The importance of the impartiality, independence, and objectivity of the Electoral Commission cannot be overemphasized. To achieve an honest, free and fair election, the EC must be as transparent as possible in its decisions and actions. It must communicate adequately and honestly to the citizens and all parties involved. In particular, it must ensure that all political parties receive the two critical reports at each registration center each day of the registration exercise to ensure that each party can independently produce its own Voters’ Register and/or verify the accuracy of the Voters’ register. These two reports which are given to the parties each day at each registration center of the Voters’ register exercise should enable us to know the details of all Voters registering each day, as well as, the statistics such as gender, age group, etc. of the people registering to vote each day. The EC must communicate its footprints of the Voter registration exercise in the country, as well as abroad, to ensure that each party has proper representation at each registration center as well as obtain the proper reports each day at each registration center to allow each party to verify the accuracy, completeness and reliability of of the Voters’ register. The parties themselves must undertake an honest and faithful exercise of participating in the process with proper representation and ensuring that they obtain the necessary reports to ensure the accuracy and completeness of the Voters’ register.

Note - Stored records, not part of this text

Lemma spow_gt0 r t : 0 < t -> spow r t = t `^ r.
Proof. by move=> t0; rewrite /spow gtr0_sg // gtr0_norm // mul1r. Qed.

Lemma spow1 r : spow r 1 = 1.
Proof. by rewrite spow_gt0 // powR1. Qed.

Lemma spowK r : 0 < r -> cancel (spow r) (spow r^-1).
Proof.
move=> r0; suff pos t : 0 < t -> spow r^-1 (spow r t) = t.
  move=> t; have [t0|t0|->] := ltgtP t 0; last by rewrite !spow0.
    by move: (pos (- t)); rewrite !spowN oppr_gt0 => /(_ t0) /oppr_inj.
  exact: pos.
move=> t0; rewrite spow_gt0 // spow_gt0 ?powR_gt0 //.
by rewrite -powRrM mulfV ?gt_eqF // powRr1 // ltW.
Qed.

Lemma continuous_spow r : 0 < r -> continuous (spow r).
Proof.
move=> r0 t; have [->|t0] := eqVneq t 0.
  apply/cvgrPdist_lt => e e0; rewrite spow0; near=> s.
  rewrite sub0r normrN /spow normrM normr_sg ger0_norm ?powR_ge0 //.
  apply: le_lt_trans (ler_piMl (powR_ge0 _ _) _) _; first by case: (s != 0).
  rewrite -[e](@powRr1 _ e) ?ltW // -[1](@mulVf _ r) ?gt_eqF // powRrM.
  apply: gt0_ltr_powR => //; rewrite ?nnegrE ?powR_ge0 //.
  by near: s; apply: cvgr0_norm_lt; [exact: cvg_id | exact: powR_gt0].
have sg_near : \forall s \near t, Num.sg s = Num.sg t.
  have [tn|tp] := ltP t 0.
    by near=> s; rewrite !ltr0_sg //; near: s; exact: lt_nbhsl.
  have {tp} tp : 0 < t by rewrite lt_neqAle eq_sym t0.
  by near=> s; rewrite !gtr0_sg //; near: s; exact: lt_nbhsr.
have powR_cvg : `|s| `^ r @[s --> t] --> `|t| `^ r.
  have powR_cont : {for `|t|, continuous (fun u : R => u `^ r)}.
    apply/differentiable_continuous/derivable1_diffP.
    by apply: derivable_powR; rewrite in_itv /= normr_gt0 t0.
  exact: (continuous_cvg _ powR_cont (cvg_norm cvg_id)).
apply: cvg_trans (cvgMl_tmp (a := Num.sg t) powR_cvg).
by apply: near_eq_cvg; apply: filterS sg_near => s; rewrite /spow => ->.
Unshelve. all: by end_near.
Qed.

End signed_power.

Lemma continuous_mul_ge0_eq0 (R : realType) (G : R -> R) :
  {for 0, continuous G} -> (forall a, 0 <= a * G a) -> G 0 = 0.
Proof.
move=> Gc Gge; have [G0|G0|//] := ltgtP (G 0) 0.
- have [a [a0 Ga]] : exists a, 0 < a /\ G a < 0.
    apply: (@filter_ex R 0^'+); near=> a; split; first by near: a; exact: nbhs_right_gt.
    by near: a; exact: cvgr_lt (cvg_at_right_filter Gc) _ G0.
  by have := Gge a; rewrite leNgt pmulr_rlt0 // Ga.
- have [a [a0 Ga]] : exists a, a < 0 /\ 0 < G a.
    apply: (@filter_ex R 0^'-); near=> a; split; first by near: a; exact: nbhs_left_lt.
    by near: a; exact: cvgr_gt (cvg_at_left_filter Gc) _ G0.
  by have := Gge a; rewrite leNgt nmulr_rlt0 // Ga.
Unshelve. all: by end_near.
Qed.

Section power_tangent.
Variable R : realType.
Variable p : R.
Hypothesis p1 : 1 < p.

Let p0 : 0 < p. Proof. exact: lt_trans p1. Qed.

Lemma bernoulli_powR t : 1 + p * t <= `|1 + t| `^ p.
Proof.
have [t_le|t_gt] := leP (1 + t) 0.
  apply: le_trans (powR_ge0 _ _).
  have : t * (p - 1) <= 0 by apply: mulr_le0_ge0; [lra | rewrite subr_ge0 ltW].
  have -> : 1 + p * t = (1 + t) + t * (p - 1) by ring.
  lra.
rewrite ger0_norm; last exact: ltW.
have p1_gt0 : 0 < p - 1 by rewrite subr_gt0.
have q0 : 0 < p / (p - 1) by rewrite divr_gt0.
(* Young's inequality with the conjugate exponent p / (p - 1) *)
have := conjugate_powR (ltW t_gt) ler01 p0 q0.
rewrite invf_div powR1 mulr1 mul1r => /(_ ltac:(by field; rewrite gt_eqF)).
rewrite -(ler_pM2l p0).
have -> : p * ((1 + t) `^ p / p + (p - 1) / p) = (1 + t) `^ p + (p - 1).
  by field; rewrite gt_eqF.
nra.
Qed.

Lemma norm_powR_tangent u v :
  `|v| `^ p + p * spow (p - 1) v * (u - v) <= `|u| `^ p.
Proof.
have [->|v0] := eqVneq v 0.
  by rewrite normr0 powR0 ?gt_eqF // spow0 mulr0 mul0r addr0 powR_ge0.
have vp_gt0 : 0 < `|v| `^ p by rewrite powR_gt0 // normr_gt0.
have powE : `|v| `^ p * `|1 + (u / v - 1)| `^ p = `|u| `^ p.
  by rewrite -powRM ?normr_ge0 // -normrM addrC subrK mulrC divfK.
have tangentE :
    `|v| `^ p * (1 + p * (u / v - 1)) = `|v| `^ p + p * spow (p - 1) v * (u - v).
  have sgE : Num.sg v = `|v| / v by rewrite normrEsg mulfK.
  by rewrite /spow -(mulr_powRB1 (normr_ge0 v) p0) sgE; field.
by rewrite -tangentE -powE ler_pM2l // bernoulli_powR.
Qed.

End power_tangent.

Section weighted_power_sums.
Variable R : realType.
Variable p : R.
Hypothesis p1 : 1 < p.
Variables (M : nat) (w beta gamma : nat -> R).
Hypothesis w_ge0 : forall j, 0 <= w j.

Let F a := \sum_(j < M) w j * `|beta j + gamma j * a| `^ p.
Let G a := \sum_(j < M) w j * gamma j * spow (p - 1) (beta j + gamma j * a).

Let F_ge a b : F a + p * (b - a) * G a <= F b.
Proof.
rewrite /F /G mulr_sumr -big_split /=; apply: ler_sum => j _.
have := ler_wpM2l (w_ge0 j) (norm_powR_tangent p1 (beta j + gamma j * b) (beta j + gamma j * a)).
by apply: le_trans; rewrite le_eqVlt; apply/predU1P; left; ring.
Qed.

Let G_continuous : continuous G.
Proof.
have spow_cont : continuous (spow (p - 1)) by apply: continuous_spow; rewrite subr_gt0.
apply: (@continuous_big _ _ +%R 0 predT add_continuous) => j _ a.
apply: (@continuous_comp _ _ _ (fun x => beta j + gamma j * x)
                              (fun y => w j * gamma j * spow (p - 1) y)).
  by apply: cvgD; [exact: cvg_cst | apply: cvgMl_tmp; exact: cvg_id].
exact: cvgMl_tmp (spow_cont _).
Qed.

Lemma sum_powR_min_at0_iff :
  (forall a, \sum_(j < M) w j * `|beta j| `^ p <=
             \sum_(j < M) w j * `|beta j + gamma j * a| `^ p) <->
  \sum_(j < M) w j * gamma j * spow (p - 1) (beta j) = 0.
Proof.
have F0 : F 0 = \sum_(j < M) w j * `|beta j| `^ p.
  by apply: eq_bigr => j _; rewrite mulr0 addr0.
have G0 : G 0 = \sum_(j < M) w j * gamma j * spow (p - 1) (beta j).
  by apply: eq_bigr => j _; rewrite mulr0 addr0.
rewrite -F0 -G0; split => [Fmin | G00 a].
  apply: continuous_mul_ge0_eq0 => [|a]; first exact: G_continuous.
  have := le_trans (F_ge a 0) (Fmin a).
  by rewrite gerDl sub0r mulrN mulNr oppr_le0 -mulrA pmulr_rge0 // (lt_trans _ p1).
by have := F_ge 0 a; rewrite G00 mulr0 addr0.
Qed.

End weighted_power_sums.

Section eventually_constant_series.
Variable R : realType.
Implicit Types u c f : R^nat.

Lemma cvg_series_finsupp f N : (forall j, (N <= j)%N -> f j = 0) ->
  series f @ \oo --> \sum_(j < N) f j.
Proof.
move=> f0; apply: cvg_near_cst; exists N => // n /= Nn.
rewrite /series /= (big_cat_nat _ Nn) //= big_mkord [X in _ + X]big_nat_cond.
by rewrite [X in _ + X]big1 ?addr0 // => j /andP[/andP[Nj _] _]; exact: f0.
Qed.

The EC must provide to all the parties, at least 60-90 days before the election day, both the PDF and CSV versions of the Voters’ register to enable each party to independently verify the accuracy and completeness of the Voters’ register. The success of the Voter registration exercise is dependent on the EC as well as the parties and the voting public, it is therefore incumbent on all of us to play a vital role to ensure success being compliant as much as possible. A sanitized Voters’ register is in the interest of Ghana and acts as the beginning of a transparent, free and fair election. Ghana deserves a new Voters’ register in 2020! Ghana deserves a transparent, free and fair election!